- _The task_: The line that contains "[ffun j => (j == i)%:Z]." marks the end: retype the data below exactly from its first line through that line.

- - - - - - -

(* Let $F$ be a field of characteristic zero, $n,m$ natural numbers, and $l\in W(n,m)$ a nonzero element. Then the ideal of $W(n,m)$ generated by $l$ contains a nonzero element $l'$ such that in every basis element $e^{\alpha}x^{\beta}\partial_p$ occurring in $l'$ with nonzero coefficient, all components of $\beta$ are positive integers.
   Context: $W(n,m)$ has basis $e^{\alpha}x^{\beta}\partial_i$ ($\alpha\in\mathbb Z^n$, $\beta\in\mathbb Z^{n+m}$, $1\le i\le n+m$), realized as vector fields $f\partial_i$ with $f$ in the commutative algebra with basis $e^{\alpha}x^{\beta}$ (multiplication adding exponents), $\partial_i(e^{\alpha}x^{\beta})=a_ie^{\alpha}x^{\beta}+b_ie^{\alpha}x^{\beta-\epsilon_i}$ with $a_i:=0$ for $i>n$, and bracket $[f\partial_i,g\partial_j]=f\partial_i(g)\partial_j-g\partial_j(f)\partial_i$. *)

From HB Require Import structures.
From mathcomp Require Import all_boot all_order all_algebra.
From mathcomp Require Import finmap.
From mathcomp.multinomials Require Import monalg.
Set Implicit Arguments. Unset Strict Implicit. Unset Printing Implicit Defensive.
Import Order.TTheory GRing.Theory Num.Theory.
Local Open Scope ring_scope.

(* Index of a basis element e^alpha x^beta d_i of W(n,m):
   alpha : Z^n, beta : Z^(n+m), i : 'I_(n+m)  (0-based: i = 0..n+m-1,
   corresponding to 1..n+m in the paper; "i <= n" in the paper = "i < n" here). *)
Definition Wkey (n m : nat) : choiceType :=
  ({ffun 'I_n -> int} * {ffun 'I_(n + m) -> int} * 'I_(n + m))%type.

Definition W (F : fieldType) (n m : nat) := {malg F[Wkey n m]}.

Section Bracket.
Variables (F : fieldType) (n m : nat).

Definition acomp (al : {ffun 'I_n -> int}) (i : 'I_(n + m)) : int :=
  match insub (val i) : option 'I_n with Some j => al j | None => 0 end.

Definition eps (i : 'I_(n + m)) : {ffun 'I_(n + m) -> int} :=
  [ffun j => (j == i)%:Z].

Definition bas (c : F) (al : {ffun 'I_n -> int}) (be : {ffun 'I_(n + m) -> int})
  (i : 'I_(n + m)) : W F n m := << c *g ((al, be, i) : Wkey n m) >>.

(* (e^al x^be) d_i (e^ga x^de) d_j  =  a_i e^(al+ga) x^(be+de) d_j
                                     + b_i e^(al+ga) x^(be+de-eps_i) d_j,
   where ga = (a_k), de = (b_k). *)
Definition term_der (al : {ffun 'I_n -> int}) (be : {ffun 'I_(n + m) -> int}) (i : 'I_(n + m))
  (ga : {ffun 'I_n -> int}) (de : {ffun 'I_(n + m) -> int}) (j : 'I_(n + m)) : W F n m :=
  bas ((acomp ga i)%:~R) (al + ga) (be + de) j
  + bas ((de i)%:~R) (al + ga) (be + de - eps i) j.

(* bracket of two basis elements:
   [f d_i, g d_j] = f d_i(g) d_j - g d_j(f) d_i *)
Definition brkey (k1 k2 : Wkey n m) : W F n m :=
  let: (al, be, i) := k1 in let: (ga, de, j) := k2 in
  term_der al be i ga de j - term_der ga de j al be i.

Definition bracket (u v : W F n m) : W F n m :=
  \sum_(k1 <- msupp u) \sum_(k2 <- msupp v) (u@_k1 * v@_k2) *: brkey k1 k2.

Inductive in_ideal (l : W F n m) : W F n m -> Prop :=
  | ideal_gen : in_ideal l l
  | ideal_zero : in_ideal l 0
  | ideal_add u v : in_ideal l u -> in_ideal l v -> in_ideal l (u + v)
  | ideal_scale (c : F) u : in_ideal l u -> in_ideal l (c *: u)
  | ideal_brl (w u : W F n m) : in_ideal l u -> in_ideal l (bracket w u)
  | ideal_brr (w u : W F n m) : in_ideal l u -> in_ideal l (bracket u w).

End Bracket.

From HB Require Import structures.
From mathcomp Require Import all_boot all_order all_algebra.
From mathcomp Require Import finmap zify ring.
From mathcomp.multinomials Require Import monalg.
Import Order.TTheory GRing.Theory Num.Theory.
Local Open Scope ring_scope.

(* Bracketing l with x^g d_j raises every x-exponent occurring in l by g, minus
   at most one, so if g exceeds every |exponent| of l by 2 the bracket has only
   positive x-exponents; it remains to see that some such bracket is nonzero.
   Pick a basis element e^al x^be d_j of l.  Replacing g by g + eps_j changes
   the coefficient of [x^g d_j, l] at e^al x^(be+g-eps_j) d_j only through the
   term -g_j e^al x^(be+g-eps_j) d_j of [x^g d_j, e^al x^be d_j], so the two
   coefficients differ by exactly l_(al,be,j) != 0, and one of the brackets is
   nonzero.  The difference being a coefficient of l itself, the characteristic
   zero hypothesis is not needed. *)

Lemma exists_bound_seq {X : eqType} {T : finType} (s : seq X) (f : X -> T -> int) :
  exists B : nat, forall x, x \in s -> forall t, (`|f x t| <= B)%N.
Proof.
elim: s => [|y s [B IH]]; first by exists 0%N.
exists (B + \sum_t `|f y t|)%N => x; rewrite in_cons => /orP [/eqP -> | xs] t.
  by rewrite (bigD1 t) //= addnCA leq_addr.
exact: leq_trans (IH x xs t) (leq_addr _ _).
Qed.

Section Bracket.
Set Implicit Arguments. Unset Strict Implicit.
Variables (F : fieldType) (n m : nat).
Implicit Types (al : {ffun 'I_n -> int}) (be g : {ffun 'I_(n + m) -> int}).
Implicit Types (i j : 'I_(n + m)) (k K : Wkey n m) (l u v : W F n m).

Lemma mcoeff_bas (c : F) al be i K :
  (bas c al be i)@_K = c *+ (((al, be, i) : Wkey n m) == K).
Proof. exact: mcoeffU. Qed.

Lemma msupp_bas (c : F) al be i K : K \in msupp (bas c al be i) -> K = (al, be, i).
Proof. by move/(fsubsetP msuppU_le); rewrite inE => /eqP. Qed.

Lemma msupp_term_der_ge al be i al' be' j K :
  K \in msupp (term_der F al be i al' be' j) ->
  forall t, be t + be' t - 1 <= K.1.2 t.
Proof.
rewrite /term_der => /(fsubsetP (msuppD_le _ _)).
rewrite inE => /orP [] /msupp_bas -> t /=; rewrite !ffunE.
all: by case: (t == i); move: (be t) (be' t) => x y; lia.
Qed.

Lemma msupp_brkey_ge k1 k2 K :
  K \in msupp (brkey F k1 k2) -> forall t, k1.1.2 t + k2.1.2 t - 1 <= K.1.2 t.
Proof.
case: k1 k2 => [[al be] i] [[al' be'] j] /(fsubsetP (msuppB_le _ _)).
rewrite inE => /orP [] /msupp_term_der_ge //= ge_K t.
by rewrite [be t + _]addrC.
Qed.

Lemma mcoeff_bracket_bas1l al be i v K :
  (bracket (bas 1 al be i) v)@_K = \sum_(k <- msupp v) v@_k * (brkey F (al, be, i) k)@_K.
Proof.
rewrite /bracket /bas msuppU oner_eq0 big_seq_fset1 mcoeffUU raddf_sum.
by apply: eq_bigr => k _; rewrite /= mul1r mcoeffZ.
Qed.

Lemma msupp_bracket u v K : K \in msupp (bracket u v) ->
  exists k1 k2, [/\ k1 \in msupp u, k2 \in msupp v & K \in msupp (brkey F k1 k2)].
Proof.
rewrite -mcoeff_neq0 => bracket_K_neq0.
have : has (fun k1 => has (fun k2 => K \in msupp (brkey F k1 k2)) (msupp v)) (msupp u).
  apply: contraNT bracket_K_neq0 => /hasPn K_out.
  rewrite raddf_sum big_seq big1 // => k1 k1u.
  rewrite raddf_sum big_seq big1 // => k2 k2v.
  have /hasPn/(_ k2 k2v) := K_out k1 k1u.
  by rewrite /= mcoeffZ -mcoeff_eq0 => /eqP ->; rewrite mulr0.
by case/hasP => k1 k1u /hasP [k2 k2v K_in]; exists k1, k2.
Qed.

Lemma msupp_bracket_ge u v (bu bv : int) K :
  (forall k t, k \in msupp u -> bu <= k.1.2 t) ->
  (forall k t, k \in msupp v -> bv <= k.1.2 t) ->
  K \in msupp (bracket u v) -> forall t, bu + bv - 1 <= K.1.2 t.
Proof.
move=> hu hv /msupp_bracket [k1 [k2 [k1u k2v /msupp_brkey_ge K_ge]]] t.
by have := hu k1 t k1u; have := hv k2 t k2v; have := K_ge t; lia.
Qed.

Lemma mcoeff_brkey_xpow g j al be i al0 be0 :
  (brkey F (0, g, j) (al, be, i))@_(al0, be0 + g - eps j, j) =
    (acomp al j)%:~R *+ (((al, be, i) : Wkey n m) == (al0, be0 - eps j, j))
  + (be j)%:~R *+ (((al, be - eps j, i) : Wkey n m) == (al0, be0 - eps j, j))
  - (g i)%:~R *+ ((al, be - eps i) == (al0, be0 - eps j)).
Proof.
have eq_keyDr x b h y b' h' :
    (((x, b + g, h) : Wkey n m) == (y, b' + g, h')) = ((x, b, h) == (y, b', h')).
  by rewrite !xpair_eqE (inj_eq (addIr g)).
have acomp0 : acomp (0 : {ffun 'I_n -> int}) i = 0.
  by rewrite /acomp; case: insub => // ?; rewrite ffunE.
rewrite /brkey /term_der acomp0 mulr0z [bas 0 _ _ _]monalgU0 !add0r !addr0.
rewrite [g + be]addrC !(addrAC be g) (addrAC be0 g) mcoeffB mcoeffD.
rewrite [X in X + _ - _]mcoeff_bas [X in _ + X - _]mcoeff_bas [X in _ - X]mcoeff_bas.
rewrite [in X in X + _ - _]eq_keyDr [in X in _ + X - _]eq_keyDr.
rewrite [in X in _ - X]eq_keyDr.
by rewrite [in X in _ - X = _]xpair_eqE eqxx andbT.
Qed.

Lemma mcoeff_brkey_xpow_epsD g j k al0 be0 :
  (brkey F (0, g + eps j, j) k)@_(al0, be0 + g, j)
    - (brkey F (0, g, j) k)@_(al0, be0 + g - eps j, j)
  = - (k == (al0, be0, j))%:R.
Proof.
case: k => [[al be] i].
rewrite -{1}(addrK (eps j) (be0 + g)) -(addrA be0) !mcoeff_brkey_xpow.
rewrite [(g + eps j) i]ffunE intrD mulrnDl.
set P := _ + _ *+ _; set Q := _ *+ _; set R := _ *+ _.
rewrite (_ : P - (Q + R) - (P - Q) = - R); last by ring.
rewrite /R ffunE; case: (i =P j) => [-> | /eqP i_neq_j].
  by rewrite !xpair_eqE (inj_eq (addIr _)) eqxx andbT.
by rewrite mulr0z mul0rn !xpair_eqE (negbTE i_neq_j) andbF oppr0.
Qed.

Lemma mcoeff_bracket_xpow_epsD g j al0 be0 v :
  (bracket (bas 1 0 (g + eps j) j) v)@_(al0, be0 + g, j)
    - (bracket (bas 1 0 g j) v)@_(al0, be0 + g - eps j, j)
  = - v@_(al0, be0, j).
Proof.
rewrite (mcoeff_bracket_bas1l 0 (g + eps j)) (mcoeff_bracket_bas1l 0 g) -sumrB.
rewrite [in RHS](monalgE v) raddf_sum -sumrN.
apply: eq_bigr => k _.
by rewrite /= -mulrBr mcoeff_brkey_xpow_epsD mcoeffU mulrN mulr_natr.
Qed.

Lemma bracket_xpow_epsD_neq0 g j al0 be0 v : (al0, be0, j) \in msupp v ->
  bracket (bas 1 0 (g + eps j) j) v != 0 \/ bracket (bas 1 0 g j) v != 0.
Proof.
move=> K0_in; apply/orP; rewrite -negb_and.
apply: contraL K0_in => /andP [/eqP br'_eq0 /eqP br_eq0].
rewrite -mcoeff_eq0 -oppr_eq0 -(mcoeff_bracket_xpow_epsD g).
by rewrite [X in mcoeff _ X - _]br'_eq0 [X in _ - mcoeff _ X]br_eq0 !mcoeff0 subrr.
Qed.

Lemma msupp_bracket_xpow_gt0 (B : nat) g j v :
  (forall k, k \in msupp v -> forall t, `|k.1.2 t| <= B)%N ->
  (forall t, (B + 2)%N%:Z <= g t) ->
  forall K, K \in msupp (bracket (bas 1 0 g j) v) -> forall t, 0 < K.1.2 t.
Proof.
move=> le_B g_ge K K_in t.
have ge_g k s : k \in msupp (bas (1 : F) 0 g j) -> (B + 2)%N%:Z <= k.1.2 s.
  by move/msupp_bas ->; apply: g_ge.
have ge_v k s : k \in msupp v -> - B%:Z <= k.1.2 s.
  by move/le_B/(_ s); lia.
by have := msupp_bracket_ge ge_g ge_v K_in t; lia.
Qed.

End Bracket.

Theorem lemma1 (F : fieldType) (hF : [pchar F] =i pred0) (n m : nat)
  (l : W F n m) (hl : l != 0) :
  exists l' : W F n m,
    [/\ in_ideal l l', l' != 0 &
        forall k : Wkey n m, k \in msupp l' ->
          forall t : 'I_(n + m), (0 < k.1.2 t)%R].
Proof.
have [[[al0 be0] j] K0_in] : exists K0, K0 \in msupp l.
  apply/fset0Pn; apply: contra hl => /eqP supp_l.
  by rewrite (monalgE l) supp_l big_seq_fset0.
have [B le_B] := exists_bound_seq (msupp l) (fun k t => k.1.2 t).
pose g : {ffun 'I_(n + m) -> int} := [ffun => (B + 2)%N%:Z].
have g_ge t : (B + 2)%N%:Z <= g t by rewrite ffunE.
have gD_ge t : (B + 2)%N%:Z <= (g + eps j) t.
  by rewrite ffunE ler_wpDr ?g_ge // ffunE.
have [br_neq0 | br_neq0] := bracket_xpow_epsD_neq0 g K0_in.
  exists (bracket (bas 1 0 (g + eps j) j) l).
  by split; [apply/ideal_brl/ideal_gen | | apply: msupp_bracket_xpow_gt0 le_B gD_ge].
exists (bracket (bas 1 0 g j) l).
by split; [apply/ideal_brl/ideal_gen | | apply: msupp_bracket_xpow_gt0 le_B g_ge].
Qed.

- - - - - - -

- _Task output_:
(* Let $F$ be a field of characteristic zero, $n,m$ natural numbers, and $l\in W(n,m)$ a nonzero element. Then the ideal of $W(n,m)$ generated by $l$ contains a nonzero element $l'$ such that in every basis element $e^{\alpha}x^{\beta}\partial_p$ occurring in $l'$ with nonzero coefficient, all components of $\beta$ are positive integers.
   Context: $W(n,m)$ has basis $e^{\alpha}x^{\beta}\partial_i$ ($\alpha\in\mathbb Z^n$, $\beta\in\mathbb Z^{n+m}$, $1\le i\le n+m$), realized as vector fields $f\partial_i$ with $f$ in the commutative algebra with basis $e^{\alpha}x^{\beta}$ (multiplication adding exponents), $\partial_i(e^{\alpha}x^{\beta})=a_ie^{\alpha}x^{\beta}+b_ie^{\alpha}x^{\beta-\epsilon_i}$ with $a_i:=0$ for $i>n$, and bracket $[f\partial_i,g\partial_j]=f\partial_i(g)\partial_j-g\partial_j(f)\partial_i$. *)

From HB Require Import structures.
From mathcomp Require Import all_boot all_order all_algebra.
From mathcomp Require Import finmap.
From mathcomp.multinomials Require Import monalg.
Set Implicit Arguments. Unset Strict Implicit. Unset Printing Implicit Defensive.
Import Order.TTheory GRing.Theory Num.Theory.
Local Open Scope ring_scope.

(* Index of a basis element e^alpha x^beta d_i of W(n,m):
   alpha : Z^n, beta : Z^(n+m), i : 'I_(n+m)  (0-based: i = 0..n+m-1,
   corresponding to 1..n+m in the paper; "i <= n" in the paper = "i < n" here). *)
Definition Wkey (n m : nat) : choiceType :=
  ({ffun 'I_n -> int} * {ffun 'I_(n + m) -> int} * 'I_(n + m))%type.

Definition W (F : fieldType) (n m : nat) := {malg F[Wkey n m]}.

Section Bracket.
Variables (F : fieldType) (n m : nat).

Definition acomp (al : {ffun 'I_n -> int}) (i : 'I_(n + m)) : int :=
  match insub (val i) : option 'I_n with Some j => al j | None => 0 end.

Definition eps (i : 'I_(n + m)) : {ffun 'I_(n + m) -> int} :=
  [ffun j => (j == i)%:Z].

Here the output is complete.